EXTRACTED RECORDS:
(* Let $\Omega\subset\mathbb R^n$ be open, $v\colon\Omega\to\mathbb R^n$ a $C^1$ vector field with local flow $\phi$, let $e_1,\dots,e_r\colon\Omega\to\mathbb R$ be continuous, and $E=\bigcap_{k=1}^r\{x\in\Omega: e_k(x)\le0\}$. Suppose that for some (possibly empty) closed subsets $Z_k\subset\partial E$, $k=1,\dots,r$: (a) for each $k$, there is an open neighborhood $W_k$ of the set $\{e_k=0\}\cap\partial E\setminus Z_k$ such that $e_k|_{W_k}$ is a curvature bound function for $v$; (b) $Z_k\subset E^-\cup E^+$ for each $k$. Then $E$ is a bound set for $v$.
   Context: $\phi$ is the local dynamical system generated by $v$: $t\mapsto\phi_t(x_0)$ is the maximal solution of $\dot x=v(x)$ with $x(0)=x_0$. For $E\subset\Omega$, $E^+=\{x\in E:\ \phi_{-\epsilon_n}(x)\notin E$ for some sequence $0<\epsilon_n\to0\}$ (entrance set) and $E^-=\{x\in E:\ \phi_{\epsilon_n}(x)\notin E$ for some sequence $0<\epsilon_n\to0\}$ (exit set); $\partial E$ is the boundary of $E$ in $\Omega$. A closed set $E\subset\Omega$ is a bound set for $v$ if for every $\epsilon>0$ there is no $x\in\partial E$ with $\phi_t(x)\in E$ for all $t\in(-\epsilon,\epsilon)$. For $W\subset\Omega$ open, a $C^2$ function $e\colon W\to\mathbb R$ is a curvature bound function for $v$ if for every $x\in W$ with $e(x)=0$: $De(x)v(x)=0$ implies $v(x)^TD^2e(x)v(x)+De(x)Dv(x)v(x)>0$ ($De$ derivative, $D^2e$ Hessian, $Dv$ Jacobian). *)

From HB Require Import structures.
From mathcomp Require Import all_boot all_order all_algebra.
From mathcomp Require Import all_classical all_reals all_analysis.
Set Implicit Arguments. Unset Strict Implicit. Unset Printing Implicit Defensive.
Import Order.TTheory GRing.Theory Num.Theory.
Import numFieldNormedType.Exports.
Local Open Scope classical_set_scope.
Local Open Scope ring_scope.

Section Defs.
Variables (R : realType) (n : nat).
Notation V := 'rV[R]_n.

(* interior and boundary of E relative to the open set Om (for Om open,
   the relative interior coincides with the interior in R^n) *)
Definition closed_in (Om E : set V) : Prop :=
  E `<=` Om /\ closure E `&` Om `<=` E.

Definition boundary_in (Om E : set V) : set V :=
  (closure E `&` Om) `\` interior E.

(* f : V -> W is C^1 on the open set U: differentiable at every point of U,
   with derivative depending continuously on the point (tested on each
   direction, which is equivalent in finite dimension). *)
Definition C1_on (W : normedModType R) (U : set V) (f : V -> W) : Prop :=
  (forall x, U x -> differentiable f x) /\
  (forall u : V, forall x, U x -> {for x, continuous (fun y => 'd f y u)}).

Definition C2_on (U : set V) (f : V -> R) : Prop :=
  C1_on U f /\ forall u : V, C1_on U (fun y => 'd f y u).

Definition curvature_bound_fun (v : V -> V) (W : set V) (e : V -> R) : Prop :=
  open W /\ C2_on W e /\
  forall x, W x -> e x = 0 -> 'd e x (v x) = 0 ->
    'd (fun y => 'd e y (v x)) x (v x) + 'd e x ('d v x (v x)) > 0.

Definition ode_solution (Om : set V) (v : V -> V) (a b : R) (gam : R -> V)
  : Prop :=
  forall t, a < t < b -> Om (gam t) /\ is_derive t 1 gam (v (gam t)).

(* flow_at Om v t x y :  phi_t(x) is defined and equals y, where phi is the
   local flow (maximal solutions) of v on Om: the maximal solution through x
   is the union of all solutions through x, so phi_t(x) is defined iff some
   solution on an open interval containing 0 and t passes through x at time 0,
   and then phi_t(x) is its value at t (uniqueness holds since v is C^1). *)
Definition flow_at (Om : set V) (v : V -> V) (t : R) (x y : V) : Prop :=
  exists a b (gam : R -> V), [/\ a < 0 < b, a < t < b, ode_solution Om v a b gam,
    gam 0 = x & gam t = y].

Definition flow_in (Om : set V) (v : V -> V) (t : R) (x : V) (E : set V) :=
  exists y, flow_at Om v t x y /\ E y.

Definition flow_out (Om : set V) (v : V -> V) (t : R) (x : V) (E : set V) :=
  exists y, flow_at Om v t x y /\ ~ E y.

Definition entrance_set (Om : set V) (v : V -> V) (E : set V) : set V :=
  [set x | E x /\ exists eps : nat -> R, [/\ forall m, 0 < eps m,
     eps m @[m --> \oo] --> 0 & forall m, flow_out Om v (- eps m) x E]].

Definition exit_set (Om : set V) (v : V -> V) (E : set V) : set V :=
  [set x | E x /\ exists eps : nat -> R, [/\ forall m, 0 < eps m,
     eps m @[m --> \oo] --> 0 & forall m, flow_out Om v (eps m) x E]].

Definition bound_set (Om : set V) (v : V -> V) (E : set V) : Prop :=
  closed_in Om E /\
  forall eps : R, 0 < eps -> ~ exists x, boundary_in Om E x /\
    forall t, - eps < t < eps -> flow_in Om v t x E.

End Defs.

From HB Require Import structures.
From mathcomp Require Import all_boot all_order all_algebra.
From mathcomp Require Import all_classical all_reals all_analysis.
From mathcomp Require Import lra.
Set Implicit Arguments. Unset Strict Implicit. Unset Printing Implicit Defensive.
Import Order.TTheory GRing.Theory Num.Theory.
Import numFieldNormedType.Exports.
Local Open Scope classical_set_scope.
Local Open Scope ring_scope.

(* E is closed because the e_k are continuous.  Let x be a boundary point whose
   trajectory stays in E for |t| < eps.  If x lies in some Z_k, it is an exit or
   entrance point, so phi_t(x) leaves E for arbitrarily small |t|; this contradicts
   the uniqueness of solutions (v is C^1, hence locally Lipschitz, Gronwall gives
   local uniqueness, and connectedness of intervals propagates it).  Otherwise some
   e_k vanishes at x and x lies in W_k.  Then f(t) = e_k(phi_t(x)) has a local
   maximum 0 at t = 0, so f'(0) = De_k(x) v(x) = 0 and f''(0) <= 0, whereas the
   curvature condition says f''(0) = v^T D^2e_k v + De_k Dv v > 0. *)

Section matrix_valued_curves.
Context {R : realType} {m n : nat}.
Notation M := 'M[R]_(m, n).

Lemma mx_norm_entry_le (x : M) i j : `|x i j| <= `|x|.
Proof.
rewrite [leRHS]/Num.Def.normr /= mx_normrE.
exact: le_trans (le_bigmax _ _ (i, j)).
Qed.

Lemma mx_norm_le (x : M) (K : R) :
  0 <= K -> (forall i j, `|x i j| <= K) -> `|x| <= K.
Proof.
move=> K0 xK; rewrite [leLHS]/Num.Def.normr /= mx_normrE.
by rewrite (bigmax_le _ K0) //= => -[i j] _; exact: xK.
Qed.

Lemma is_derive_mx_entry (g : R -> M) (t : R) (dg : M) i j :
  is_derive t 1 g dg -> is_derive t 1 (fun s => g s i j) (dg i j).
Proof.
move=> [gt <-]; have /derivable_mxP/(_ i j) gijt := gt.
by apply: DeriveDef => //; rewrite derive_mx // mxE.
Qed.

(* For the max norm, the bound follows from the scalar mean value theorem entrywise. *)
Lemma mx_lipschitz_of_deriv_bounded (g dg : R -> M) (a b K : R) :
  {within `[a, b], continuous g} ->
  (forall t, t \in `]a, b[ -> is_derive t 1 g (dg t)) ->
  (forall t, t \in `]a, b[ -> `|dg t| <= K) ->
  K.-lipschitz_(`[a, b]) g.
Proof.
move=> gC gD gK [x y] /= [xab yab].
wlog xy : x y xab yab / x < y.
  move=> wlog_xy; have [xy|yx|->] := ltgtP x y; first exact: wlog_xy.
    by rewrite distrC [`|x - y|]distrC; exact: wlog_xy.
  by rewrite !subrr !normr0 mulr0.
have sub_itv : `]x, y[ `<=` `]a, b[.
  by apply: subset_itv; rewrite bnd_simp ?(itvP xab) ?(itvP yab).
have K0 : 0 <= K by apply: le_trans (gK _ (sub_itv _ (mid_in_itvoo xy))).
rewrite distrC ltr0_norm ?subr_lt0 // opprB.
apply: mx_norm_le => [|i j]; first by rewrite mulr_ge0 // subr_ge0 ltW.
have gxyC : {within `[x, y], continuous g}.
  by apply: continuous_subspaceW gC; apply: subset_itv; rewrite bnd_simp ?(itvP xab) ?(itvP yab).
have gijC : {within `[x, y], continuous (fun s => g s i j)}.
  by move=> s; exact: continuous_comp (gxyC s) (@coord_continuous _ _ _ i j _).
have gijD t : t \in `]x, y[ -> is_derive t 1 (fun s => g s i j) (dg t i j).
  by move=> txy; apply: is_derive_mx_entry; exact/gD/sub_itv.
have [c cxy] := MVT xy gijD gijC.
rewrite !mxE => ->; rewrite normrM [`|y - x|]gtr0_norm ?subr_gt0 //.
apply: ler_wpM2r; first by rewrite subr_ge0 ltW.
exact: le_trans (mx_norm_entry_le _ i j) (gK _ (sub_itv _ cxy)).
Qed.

...

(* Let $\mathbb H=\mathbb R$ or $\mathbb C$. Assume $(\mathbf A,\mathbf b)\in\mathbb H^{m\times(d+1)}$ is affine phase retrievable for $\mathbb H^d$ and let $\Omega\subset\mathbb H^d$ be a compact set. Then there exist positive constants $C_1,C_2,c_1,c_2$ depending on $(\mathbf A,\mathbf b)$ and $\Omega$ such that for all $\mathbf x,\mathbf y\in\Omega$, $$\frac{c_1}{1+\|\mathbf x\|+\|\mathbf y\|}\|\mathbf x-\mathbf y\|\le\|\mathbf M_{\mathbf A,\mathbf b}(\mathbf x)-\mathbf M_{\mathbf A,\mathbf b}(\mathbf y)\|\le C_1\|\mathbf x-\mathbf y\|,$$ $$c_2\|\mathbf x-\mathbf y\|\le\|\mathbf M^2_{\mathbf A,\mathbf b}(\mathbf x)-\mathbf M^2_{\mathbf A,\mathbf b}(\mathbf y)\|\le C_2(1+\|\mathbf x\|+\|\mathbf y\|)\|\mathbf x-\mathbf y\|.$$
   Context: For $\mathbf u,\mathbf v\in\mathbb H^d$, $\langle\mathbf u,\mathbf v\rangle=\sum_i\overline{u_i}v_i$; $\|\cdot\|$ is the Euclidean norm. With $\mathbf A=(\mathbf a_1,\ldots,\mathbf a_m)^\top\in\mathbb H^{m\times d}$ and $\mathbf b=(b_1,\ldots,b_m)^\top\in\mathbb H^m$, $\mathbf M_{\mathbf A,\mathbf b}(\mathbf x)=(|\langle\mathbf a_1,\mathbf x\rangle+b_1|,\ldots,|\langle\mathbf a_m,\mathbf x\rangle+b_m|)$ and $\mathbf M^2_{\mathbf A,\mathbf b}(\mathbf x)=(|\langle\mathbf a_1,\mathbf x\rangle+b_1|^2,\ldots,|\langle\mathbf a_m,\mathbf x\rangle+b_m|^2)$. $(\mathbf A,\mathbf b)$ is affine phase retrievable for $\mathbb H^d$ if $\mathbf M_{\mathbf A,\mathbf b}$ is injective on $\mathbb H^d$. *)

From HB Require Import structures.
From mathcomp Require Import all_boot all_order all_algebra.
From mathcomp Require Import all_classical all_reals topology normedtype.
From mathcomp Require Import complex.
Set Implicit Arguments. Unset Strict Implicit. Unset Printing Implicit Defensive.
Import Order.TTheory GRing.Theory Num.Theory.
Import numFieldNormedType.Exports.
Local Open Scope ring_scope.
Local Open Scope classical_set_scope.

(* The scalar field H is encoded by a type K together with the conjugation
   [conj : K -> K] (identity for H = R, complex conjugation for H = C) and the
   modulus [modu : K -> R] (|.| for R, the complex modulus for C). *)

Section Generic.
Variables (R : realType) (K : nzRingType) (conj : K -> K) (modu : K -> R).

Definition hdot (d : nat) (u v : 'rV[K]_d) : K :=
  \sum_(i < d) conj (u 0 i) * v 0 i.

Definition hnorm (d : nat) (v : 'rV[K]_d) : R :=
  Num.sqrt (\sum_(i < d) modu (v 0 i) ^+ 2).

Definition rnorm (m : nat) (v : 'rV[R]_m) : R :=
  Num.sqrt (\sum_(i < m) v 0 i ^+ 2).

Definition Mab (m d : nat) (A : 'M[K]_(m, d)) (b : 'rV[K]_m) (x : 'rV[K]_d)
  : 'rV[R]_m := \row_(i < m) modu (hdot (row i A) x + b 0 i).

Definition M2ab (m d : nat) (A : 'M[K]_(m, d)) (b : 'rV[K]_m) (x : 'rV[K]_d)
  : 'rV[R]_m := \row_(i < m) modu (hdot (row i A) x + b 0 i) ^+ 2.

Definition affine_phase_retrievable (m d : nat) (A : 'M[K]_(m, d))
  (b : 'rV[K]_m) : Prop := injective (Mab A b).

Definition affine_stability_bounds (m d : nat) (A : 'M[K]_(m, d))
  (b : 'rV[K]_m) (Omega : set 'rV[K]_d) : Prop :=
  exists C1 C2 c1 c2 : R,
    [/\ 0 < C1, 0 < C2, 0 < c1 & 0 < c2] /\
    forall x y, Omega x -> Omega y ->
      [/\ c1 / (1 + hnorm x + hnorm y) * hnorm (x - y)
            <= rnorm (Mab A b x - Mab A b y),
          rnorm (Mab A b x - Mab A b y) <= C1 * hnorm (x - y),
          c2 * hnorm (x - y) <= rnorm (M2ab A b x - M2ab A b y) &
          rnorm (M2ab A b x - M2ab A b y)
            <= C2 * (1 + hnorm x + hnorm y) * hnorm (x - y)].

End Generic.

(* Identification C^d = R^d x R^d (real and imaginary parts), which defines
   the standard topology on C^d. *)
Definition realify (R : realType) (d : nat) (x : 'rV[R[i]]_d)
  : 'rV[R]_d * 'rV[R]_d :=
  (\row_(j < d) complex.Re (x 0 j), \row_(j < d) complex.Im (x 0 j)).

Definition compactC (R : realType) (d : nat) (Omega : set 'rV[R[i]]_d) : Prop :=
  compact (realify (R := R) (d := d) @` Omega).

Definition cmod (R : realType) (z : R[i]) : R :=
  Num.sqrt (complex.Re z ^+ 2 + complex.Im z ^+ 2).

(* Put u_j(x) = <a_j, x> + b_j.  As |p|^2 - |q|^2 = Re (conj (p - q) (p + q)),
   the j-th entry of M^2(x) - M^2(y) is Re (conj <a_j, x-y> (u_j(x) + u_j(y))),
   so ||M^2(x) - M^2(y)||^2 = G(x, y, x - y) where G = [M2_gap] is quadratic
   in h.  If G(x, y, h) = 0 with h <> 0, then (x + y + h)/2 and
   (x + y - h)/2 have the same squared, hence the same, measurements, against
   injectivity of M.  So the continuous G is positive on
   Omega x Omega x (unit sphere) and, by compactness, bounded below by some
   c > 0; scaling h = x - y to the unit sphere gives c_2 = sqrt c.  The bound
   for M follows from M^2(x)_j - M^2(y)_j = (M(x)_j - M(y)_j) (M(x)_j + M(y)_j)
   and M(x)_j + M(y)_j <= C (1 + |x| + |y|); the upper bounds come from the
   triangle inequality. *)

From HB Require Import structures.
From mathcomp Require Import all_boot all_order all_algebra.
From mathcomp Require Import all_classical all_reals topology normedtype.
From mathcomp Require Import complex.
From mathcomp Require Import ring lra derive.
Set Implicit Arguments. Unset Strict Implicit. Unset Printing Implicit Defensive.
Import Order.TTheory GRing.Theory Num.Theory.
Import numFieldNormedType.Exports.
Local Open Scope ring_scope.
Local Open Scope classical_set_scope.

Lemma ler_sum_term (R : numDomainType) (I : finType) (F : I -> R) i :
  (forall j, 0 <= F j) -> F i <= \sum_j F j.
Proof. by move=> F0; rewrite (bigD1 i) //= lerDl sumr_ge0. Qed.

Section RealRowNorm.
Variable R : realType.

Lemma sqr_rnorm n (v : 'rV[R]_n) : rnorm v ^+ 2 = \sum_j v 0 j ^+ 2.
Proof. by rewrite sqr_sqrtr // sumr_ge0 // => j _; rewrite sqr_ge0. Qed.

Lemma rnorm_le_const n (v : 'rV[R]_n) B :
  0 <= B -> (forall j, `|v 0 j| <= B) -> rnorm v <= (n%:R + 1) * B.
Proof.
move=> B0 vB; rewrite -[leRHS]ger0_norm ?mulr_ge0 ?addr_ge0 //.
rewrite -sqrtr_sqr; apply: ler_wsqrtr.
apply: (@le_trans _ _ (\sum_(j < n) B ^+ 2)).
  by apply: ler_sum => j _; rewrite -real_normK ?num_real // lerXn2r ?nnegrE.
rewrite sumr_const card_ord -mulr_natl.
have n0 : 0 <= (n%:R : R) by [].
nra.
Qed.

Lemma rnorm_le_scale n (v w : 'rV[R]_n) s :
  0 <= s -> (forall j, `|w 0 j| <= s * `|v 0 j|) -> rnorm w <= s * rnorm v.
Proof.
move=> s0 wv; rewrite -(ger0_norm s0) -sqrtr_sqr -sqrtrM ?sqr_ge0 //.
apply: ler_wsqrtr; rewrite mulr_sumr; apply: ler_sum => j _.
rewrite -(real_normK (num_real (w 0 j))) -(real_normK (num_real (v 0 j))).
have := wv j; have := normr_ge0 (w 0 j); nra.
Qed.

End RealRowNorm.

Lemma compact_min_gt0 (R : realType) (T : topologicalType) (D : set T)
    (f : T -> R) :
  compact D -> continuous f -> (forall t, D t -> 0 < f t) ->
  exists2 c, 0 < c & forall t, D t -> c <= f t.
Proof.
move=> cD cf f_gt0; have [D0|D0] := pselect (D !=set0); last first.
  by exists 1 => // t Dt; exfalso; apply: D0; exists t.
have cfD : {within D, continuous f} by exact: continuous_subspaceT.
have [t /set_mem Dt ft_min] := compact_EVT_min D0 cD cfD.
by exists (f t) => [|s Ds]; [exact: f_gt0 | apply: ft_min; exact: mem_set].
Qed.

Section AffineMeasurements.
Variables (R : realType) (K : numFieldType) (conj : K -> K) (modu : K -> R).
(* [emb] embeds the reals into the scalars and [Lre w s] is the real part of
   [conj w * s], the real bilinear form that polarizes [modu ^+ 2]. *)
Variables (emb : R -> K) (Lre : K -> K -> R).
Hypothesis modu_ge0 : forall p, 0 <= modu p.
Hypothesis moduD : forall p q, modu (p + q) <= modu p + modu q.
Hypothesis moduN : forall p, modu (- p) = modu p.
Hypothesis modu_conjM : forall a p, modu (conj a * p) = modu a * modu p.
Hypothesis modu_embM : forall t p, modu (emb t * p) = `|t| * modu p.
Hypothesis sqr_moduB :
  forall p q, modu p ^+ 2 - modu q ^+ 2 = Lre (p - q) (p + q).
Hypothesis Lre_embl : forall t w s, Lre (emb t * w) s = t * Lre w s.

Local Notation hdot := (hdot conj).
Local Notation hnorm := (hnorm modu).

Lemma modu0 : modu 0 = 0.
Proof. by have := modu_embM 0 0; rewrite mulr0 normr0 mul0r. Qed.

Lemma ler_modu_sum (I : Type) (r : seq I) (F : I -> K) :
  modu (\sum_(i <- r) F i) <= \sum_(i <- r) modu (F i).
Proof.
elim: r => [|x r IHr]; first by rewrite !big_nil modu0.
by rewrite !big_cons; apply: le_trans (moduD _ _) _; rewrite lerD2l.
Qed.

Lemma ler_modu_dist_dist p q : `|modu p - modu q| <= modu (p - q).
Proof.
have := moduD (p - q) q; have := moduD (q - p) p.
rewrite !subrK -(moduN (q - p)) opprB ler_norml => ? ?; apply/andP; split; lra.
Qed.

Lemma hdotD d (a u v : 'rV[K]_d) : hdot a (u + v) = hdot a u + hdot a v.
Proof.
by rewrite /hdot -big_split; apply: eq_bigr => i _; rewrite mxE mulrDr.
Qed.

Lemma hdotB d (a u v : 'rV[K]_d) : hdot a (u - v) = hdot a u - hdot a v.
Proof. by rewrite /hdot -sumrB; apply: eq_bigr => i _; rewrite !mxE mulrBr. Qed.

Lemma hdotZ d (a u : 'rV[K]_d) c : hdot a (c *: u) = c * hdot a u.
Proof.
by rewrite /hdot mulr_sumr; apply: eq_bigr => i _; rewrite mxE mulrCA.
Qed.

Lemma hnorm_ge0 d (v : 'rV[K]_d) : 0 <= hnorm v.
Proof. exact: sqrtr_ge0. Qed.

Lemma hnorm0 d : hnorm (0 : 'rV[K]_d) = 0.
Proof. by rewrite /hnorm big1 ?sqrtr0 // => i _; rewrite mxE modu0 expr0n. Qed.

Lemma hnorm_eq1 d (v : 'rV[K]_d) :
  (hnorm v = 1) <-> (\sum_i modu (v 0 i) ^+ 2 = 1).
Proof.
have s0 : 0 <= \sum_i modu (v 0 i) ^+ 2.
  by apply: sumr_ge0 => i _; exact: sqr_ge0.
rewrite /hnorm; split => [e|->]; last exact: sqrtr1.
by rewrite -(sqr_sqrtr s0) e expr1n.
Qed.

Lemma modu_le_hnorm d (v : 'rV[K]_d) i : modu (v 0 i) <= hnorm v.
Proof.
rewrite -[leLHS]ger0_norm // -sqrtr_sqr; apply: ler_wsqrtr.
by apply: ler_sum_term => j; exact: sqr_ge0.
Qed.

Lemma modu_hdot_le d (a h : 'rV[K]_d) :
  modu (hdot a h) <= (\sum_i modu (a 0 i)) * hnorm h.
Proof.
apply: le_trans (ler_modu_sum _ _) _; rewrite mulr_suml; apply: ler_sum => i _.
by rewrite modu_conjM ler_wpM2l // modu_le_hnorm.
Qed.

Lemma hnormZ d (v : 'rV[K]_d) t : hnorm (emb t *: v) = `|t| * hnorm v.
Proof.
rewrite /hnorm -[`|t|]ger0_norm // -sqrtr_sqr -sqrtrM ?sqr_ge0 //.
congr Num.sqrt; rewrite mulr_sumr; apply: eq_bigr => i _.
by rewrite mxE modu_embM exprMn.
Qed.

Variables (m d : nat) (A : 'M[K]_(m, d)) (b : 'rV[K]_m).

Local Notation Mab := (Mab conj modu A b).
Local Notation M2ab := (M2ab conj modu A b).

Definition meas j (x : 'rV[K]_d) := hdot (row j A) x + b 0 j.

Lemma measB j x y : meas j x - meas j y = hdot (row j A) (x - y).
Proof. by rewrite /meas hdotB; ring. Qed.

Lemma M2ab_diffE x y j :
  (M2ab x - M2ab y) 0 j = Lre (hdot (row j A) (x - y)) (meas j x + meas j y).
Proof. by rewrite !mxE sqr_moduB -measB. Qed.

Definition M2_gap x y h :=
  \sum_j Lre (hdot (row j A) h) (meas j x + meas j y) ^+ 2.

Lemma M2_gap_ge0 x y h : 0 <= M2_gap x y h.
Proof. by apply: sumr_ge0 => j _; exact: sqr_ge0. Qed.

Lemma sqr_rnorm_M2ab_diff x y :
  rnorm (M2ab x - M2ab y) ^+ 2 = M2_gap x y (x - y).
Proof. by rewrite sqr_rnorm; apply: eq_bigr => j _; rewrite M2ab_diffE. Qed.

==

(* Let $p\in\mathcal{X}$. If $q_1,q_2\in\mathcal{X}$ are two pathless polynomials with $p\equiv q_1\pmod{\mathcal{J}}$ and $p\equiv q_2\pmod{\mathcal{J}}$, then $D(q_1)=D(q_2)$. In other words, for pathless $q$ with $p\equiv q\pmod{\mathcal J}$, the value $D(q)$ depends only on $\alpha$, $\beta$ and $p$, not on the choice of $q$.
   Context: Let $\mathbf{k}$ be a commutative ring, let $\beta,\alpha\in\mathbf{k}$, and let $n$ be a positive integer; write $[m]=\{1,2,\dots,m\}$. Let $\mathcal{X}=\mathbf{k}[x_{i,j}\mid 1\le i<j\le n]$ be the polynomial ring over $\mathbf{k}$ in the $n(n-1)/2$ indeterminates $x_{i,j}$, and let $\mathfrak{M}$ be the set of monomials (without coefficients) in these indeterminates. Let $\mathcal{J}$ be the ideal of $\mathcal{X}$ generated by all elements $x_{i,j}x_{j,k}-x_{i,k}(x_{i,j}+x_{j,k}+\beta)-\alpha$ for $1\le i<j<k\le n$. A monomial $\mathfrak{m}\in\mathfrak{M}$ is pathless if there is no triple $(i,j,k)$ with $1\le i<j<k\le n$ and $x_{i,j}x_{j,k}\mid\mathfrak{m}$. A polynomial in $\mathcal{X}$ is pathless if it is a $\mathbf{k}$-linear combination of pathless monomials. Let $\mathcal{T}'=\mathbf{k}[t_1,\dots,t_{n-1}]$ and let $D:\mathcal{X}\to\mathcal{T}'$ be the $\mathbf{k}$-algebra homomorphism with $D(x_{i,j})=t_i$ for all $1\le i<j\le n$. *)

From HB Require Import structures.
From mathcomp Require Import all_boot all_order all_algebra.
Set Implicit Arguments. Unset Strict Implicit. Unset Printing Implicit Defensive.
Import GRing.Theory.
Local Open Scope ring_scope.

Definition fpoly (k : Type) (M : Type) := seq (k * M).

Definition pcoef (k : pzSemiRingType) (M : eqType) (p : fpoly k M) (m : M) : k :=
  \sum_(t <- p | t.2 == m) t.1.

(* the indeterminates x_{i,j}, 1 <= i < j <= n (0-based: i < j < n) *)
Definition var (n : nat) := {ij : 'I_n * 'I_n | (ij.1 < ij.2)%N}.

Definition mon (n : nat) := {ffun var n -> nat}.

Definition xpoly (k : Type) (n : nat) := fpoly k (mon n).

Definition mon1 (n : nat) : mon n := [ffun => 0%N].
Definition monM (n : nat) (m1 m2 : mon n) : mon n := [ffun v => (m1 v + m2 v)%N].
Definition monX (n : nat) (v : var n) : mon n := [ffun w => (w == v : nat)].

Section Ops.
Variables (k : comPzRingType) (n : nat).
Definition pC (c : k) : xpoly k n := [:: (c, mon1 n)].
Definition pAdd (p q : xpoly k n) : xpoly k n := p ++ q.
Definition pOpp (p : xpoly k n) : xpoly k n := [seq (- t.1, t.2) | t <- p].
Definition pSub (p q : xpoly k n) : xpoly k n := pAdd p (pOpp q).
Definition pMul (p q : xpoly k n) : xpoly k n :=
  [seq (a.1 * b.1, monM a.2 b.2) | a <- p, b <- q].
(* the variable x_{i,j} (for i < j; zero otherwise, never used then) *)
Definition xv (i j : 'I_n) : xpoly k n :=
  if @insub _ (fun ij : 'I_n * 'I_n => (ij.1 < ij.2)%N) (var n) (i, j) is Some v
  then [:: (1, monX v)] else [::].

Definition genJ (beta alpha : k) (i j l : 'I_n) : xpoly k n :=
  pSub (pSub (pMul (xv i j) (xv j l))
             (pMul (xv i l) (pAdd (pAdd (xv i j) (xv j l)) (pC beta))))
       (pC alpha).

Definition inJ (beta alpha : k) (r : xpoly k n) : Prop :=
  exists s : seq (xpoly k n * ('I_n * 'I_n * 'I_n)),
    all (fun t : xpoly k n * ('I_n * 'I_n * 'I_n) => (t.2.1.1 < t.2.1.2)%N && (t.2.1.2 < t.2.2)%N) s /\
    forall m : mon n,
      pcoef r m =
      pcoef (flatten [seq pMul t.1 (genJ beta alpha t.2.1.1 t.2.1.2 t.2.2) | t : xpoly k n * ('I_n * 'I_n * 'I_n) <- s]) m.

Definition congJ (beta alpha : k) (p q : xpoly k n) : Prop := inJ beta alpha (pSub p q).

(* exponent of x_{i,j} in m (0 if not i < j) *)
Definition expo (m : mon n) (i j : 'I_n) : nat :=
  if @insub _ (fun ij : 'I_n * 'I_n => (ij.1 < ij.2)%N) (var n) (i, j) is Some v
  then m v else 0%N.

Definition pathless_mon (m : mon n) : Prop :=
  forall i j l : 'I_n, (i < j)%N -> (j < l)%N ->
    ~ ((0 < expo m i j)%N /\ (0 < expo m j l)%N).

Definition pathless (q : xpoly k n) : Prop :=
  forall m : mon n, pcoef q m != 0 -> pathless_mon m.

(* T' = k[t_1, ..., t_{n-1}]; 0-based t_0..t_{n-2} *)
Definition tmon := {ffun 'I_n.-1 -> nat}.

EXERCISE GOAL: Count lines, not occurrences. State how many lines of the entries contain the word "gijD", and add nothing.

EXERCISE RESULT: 2